Skip to content

Load Models from PVC

You can store your models in a Persistent Volume Claim (PVC) and let KubeAI use them for serving. Both vLLM and Ollama engines support loading models from PVCs.

You must ensure the model files are already present in the PVC before creating the Model resource. Alternatively you can use KubeAI's native caching mechanism which downloads the model for you:

vLLM

For vLLM, use the following URL format:

url: pvc://$PVC_NAME          # Loads the model from the PVC named $PVC_NAME
url: pvc://$PVC_NAME/$PATH    # Loads from a specific path within the PVC

PVC requirements

vLLM supports both ReadWriteMany and ReadOnlyMany access modes. Many is used in order to support more than 1 vLLM replica.

Ollama

For Ollama, use the following URL formats:

url: pvc://$PVC_NAME?model=$MODEL_NAME    # Loads the model named $MODEL_NAME that's loaded on the disk
url: pvc://$PVC_NAME/$PATH?model=$MODEL_NAME

PVC Requirements

Ollama requires using ReadWriteMany access mode because the rename operation ollama cp needs to write to the PVC.

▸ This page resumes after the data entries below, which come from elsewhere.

Lemma exists_cut_disagree (B B' : zset) : B \subset ~: P0 -> B' \subset ~: P0 ->
  B != B' -> exists2 t, cut t & ~~ agree B B' t.
Proof.
move=> BP B'P neqBB'.
have [z zB] : exists z, (z \in B) != (z \in B').
  apply/existsP; rewrite -negb_forall; apply: contra neqBB' => /forallP eqBB'.
  by apply/eqP/setP => z; apply/eqP.
have zP : z \notin P0.
  by move: zB; case: (boolP (z \in B)) => [/(subsetP BP) | _ /negbNE /(subsetP B'P)]; rewrite inE.
have [t [zt | zt]] := xz_or_yz z; exists t; subst z.
- by rewrite /cut (negbTE zP); move: (P0_meets_pairs t); rewrite (negbTE zP) => /= ->.
- by rewrite /agree negb_and zB.
- by rewrite /cut (negbTE zP); move: (P0_meets_pairs t); rewrite (negbTE zP) orbF => ->.
- by rewrite /agree negb_and zB orbT.
Qed.

Lemma cut_orthogonal_pair (B B' : zset) t : B \subset ~: P0 -> B' \subset ~: P0 ->
  \sum_(p : bool * bool) ind (within P0 t p.1 p.2) *
     (`|q_in t p.1 p.2| * (q_cut t (p.1 || (xz t \in B)) (p.2 || (yz t \in B)) *
                           q_cut t (p.1 || (xz t \in B')) (p.2 || (yz t \in B'))))
  = if cut t then (if agree B B' t then 5 else 0) else 6.
Proof.
move=> BP B'P.
rewrite (sum_pair_bool (fun a b => ind (within P0 t a b) *
     (`|q_in t a b| * (q_cut t (a || (xz t \in B)) (b || (yz t \in B)) *
                       q_cut t (a || (xz t \in B')) (b || (yz t \in B')))))).
rewrite /within /q_in /q_cut /cut /agree; move: (P0_meets_pairs t).
case xP: (xz t \in P0); case yP: (yz t \in P0) => //= _.
all: rewrite ?(notin_compl_P0 BP xP) ?(notin_compl_P0 B'P xP).
all: rewrite ?(notin_compl_P0 BP yP) ?(notin_compl_P0 B'P yP).
all: by case: (xz t \in B); case: (xz t \in B'); case: (yz t \in B); case: (yz t \in B').
Qed.
Lemma sumL_le (l : list V) (g h : V -> R) :
  (forall y, In y l -> g y <= h y) -> sumL l g <= sumL l h.
Proof.
  induction l as [| x l IH]; intro H; simpl; [lra |].
  apply Rplus_le_compat; [apply H; now left | apply IH; intros y Hy; apply H; now right].
Qed.

Lemma sumL_const (l : list V) (g : V -> R) (k : R) :
  sumL l (fun y => g y * k) = sumL l g * k.
Proof. induction l as [| x l IH]; simpl; [ring |]. rewrite IH. ring. Qed.

Lemma sumL_nonneg (l : list V) (g : V -> R) :
  (forall y, In y l -> 0 <= g y) -> 0 <= sumL l g.
Proof.
  intro H. apply Rle_trans with (sumL l (fun y => g y * 0)).
  - rewrite sumL_const. lra.
  - apply sumL_le. intros y Hy. rewrite Rmult_0_r. now apply H.
Qed.

Lemma sumL_elem_le (l : list V) (g : V -> R) (z : V) :
  (forall y, In y l -> 0 <= g y) -> In z l -> g z <= sumL l g.
Proof.
  induction l as [| x l IH]; intros H Hz; [destruct Hz | simpl].
  assert (Hx : 0 <= g x) by (apply H; now left).
  assert (Hl : forall y, In y l -> 0 <= g y) by (intros y Hy; apply H; now right).
  destruct Hz as [<- | Hz].
  - assert (0 <= sumL l g) by now apply sumL_nonneg. lra.
  - assert (g z <= sumL l g) by now apply IH. lra.
Qed.

Lemma sumL_derive (l : list V) (G : V -> R -> R) (dG : V -> R) (t : R) :
  (forall y, In y l -> is_derive (G y) t (dG y)) ->
  is_derive (fun s => sumL l (fun y => G y s)) t (sumL l dG).
Proof.
  induction l as [| x l IH]; intro H; simpl.
  - apply (is_derive_const (K := R_AbsRing) (V := R_NormedModule)).
  - apply (is_derive_plus (K := R_AbsRing) (V := R_NormedModule));
      [apply H; now left | apply IH; intros y Hy; apply H; now right].
Qed.
End SumL.

Section Laplacian.
Variable V : Type.
Variable nbrs : V -> list V.
Variable w : V -> V -> R.
Variable mu : V -> R.

Lemma Lap_comb (a b : R) (f g : V -> R) (x : V) :
  a * Lap nbrs w mu f x + b * Lap nbrs w mu g x
  = Lap nbrs w mu (fun y => a * f y + b * g y) x.
Proof.
  unfold Lap. replace (a * (/ mu x * _) + b * (/ mu x * _))
    with (/ mu x * (a * sumL (nbrs x) (fun y => w x y * (f y - f x))
                    + b * sumL (nbrs x) (fun y => w x y * (g y - g x)))) by ring.
  rewrite sumL_comb. f_equal. apply sumL_ext. intros y _. ring.
Qed.

Lemma Lap_shift (f g : V -> R) (k : R) (x : V) :
  (forall y, f y = g y + k) -> Lap nbrs w mu f x = Lap nbrs w mu g x.
Proof.
  intro H. unfold Lap. f_equal. apply sumL_ext. intros y _. rewrite !H. ring.
Qed.

Variables psi dpsi : R -> R.

Lemma GammaPsi_eq (f : V -> R) (x : V) : f x <> 0 ->
  GammaPsi nbrs w mu psi dpsi f x
  = dpsi 1 * (Lap nbrs w mu f x / f x) - DeltaPsi nbrs w mu psi f x.
Proof.
  intro Hx. unfold GammaPsi, DeltaPsi.
  replace (dpsi 1 * (Lap nbrs w mu f x / f x) - Lap nbrs w mu (fun y => psi (f y / f x)) x)
    with (dpsi 1 / f x * Lap nbrs w mu f x + -1 * Lap nbrs w mu (fun y => psi (f y / f x)) x)
    by (field; exact Hx).
  rewrite Lap_comb. apply Lap_shift with (k := psi 1 - dpsi 1).
  intro y. unfold psibar. field. exact Hx.
Qed.

Lemma neg_DeltaPsi_eq (f : V -> R) (x : V) : f x <> 0 ->
  - DeltaPsi nbrs w mu psi f x
  = / mu x * sumL (nbrs x) (fun y => w x y * (psi 1 - psi (f y / f x))).
Proof.
  intro Hx. unfold DeltaPsi, Lap.
  replace (f x / f x) with 1 by (field; exact Hx).
  rewrite Ropp_mult_distr_r, sumL_opp. f_equal. apply sumL_ext. intros y _. ring.
Qed.

Lemma Lap_mul_defect (f g : V -> R) (x : V) : f x <> 0 ->
  Lap nbrs w mu f x * g x / f x - Lap nbrs w mu (fun y => f y * g y) x / f x
  = - (/ mu x * sumL (nbrs x) (fun y => w x y * (f y / f x * (g y - g x)))).
Proof.
  intro Hx.
  replace (Lap nbrs w mu f x * g x / f x - Lap nbrs w mu (fun y => f y * g y) x / f x)
    with (g x / f x * Lap nbrs w mu f x + - / f x * Lap nbrs w mu (fun y => f y * g y) x)
    by (field; exact Hx).
  rewrite Lap_comb. unfold Lap. rewrite Ropp_mult_distr_r, sumL_opp.
  f_equal. apply sumL_ext. intros y _. field. exact Hx.
Qed.
End Laplacian.

Section HeatFlow.
Variable V : Type.
Variable nbrs : V -> list V.
Variable w : V -> V -> R.
Variable mu : V -> R.
Variables psi dpsi : R -> R.
Variable u : V -> R -> R.
Hypothesis Hpsi_derive : forall s, 0 < s -> is_derive psi s (dpsi s).
Hypothesis Hu_pos : forall x t, 0 <= t -> 0 < u x t.
Hypothesis Hu_heat : forall x t, 0 < t -> is_derive (u x) t (Lap nbrs w mu (fun y => u y t) x).

Lemma psi_ratio_derive (x y : V) (t : R) : 0 < t ->
  is_derive (fun s => psi (u y s / u x s)) t
    (dpsi (u y t / u x t) * (u y t / u x t)
     * (Lap nbrs w mu (fun z => u z t) y / u y t - Lap nbrs w mu (fun z => u z t) x / u x t)).
Proof.
  intro Ht. assert (Hx := Hu_pos x t (Rlt_le _ _ Ht)). assert (Hy := Hu_pos y t (Rlt_le _ _ Ht)).
  set (Lx := Lap nbrs w mu (fun z => u z t) x). set (Ly := Lap nbrs w mu (fun z => u z t) y).
  replace (dpsi (u y t / u x t) * (u y t / u x t) * (Ly / u y t - Lx / u x t))
    with ((Ly * u x t - u y t * Lx) / u x t ^ 2 * dpsi (u y t / u x t)) by (field; lra).
  apply (is_derive_comp psi (fun s => u y s / u x s)).
  - apply Hpsi_derive, Rdiv_lt_0_compat; assumption.
  - apply is_derive_div; [apply Hu_heat | apply Hu_heat | lra]; exact Ht.
Qed.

Example: Loading Qwen 0.5b from PVC

  1. Create a PVC with ReadWriteMany named model-pvc. See example.
  2. Create a K8s Job to load the model onto `model-pvc. See example

    The PVC should now have a blobs/ and manifests/ directory after the loader completes.

  3. Create a Model to load from PVC:

url: pvc://model-pvc?model=qwen:0.5b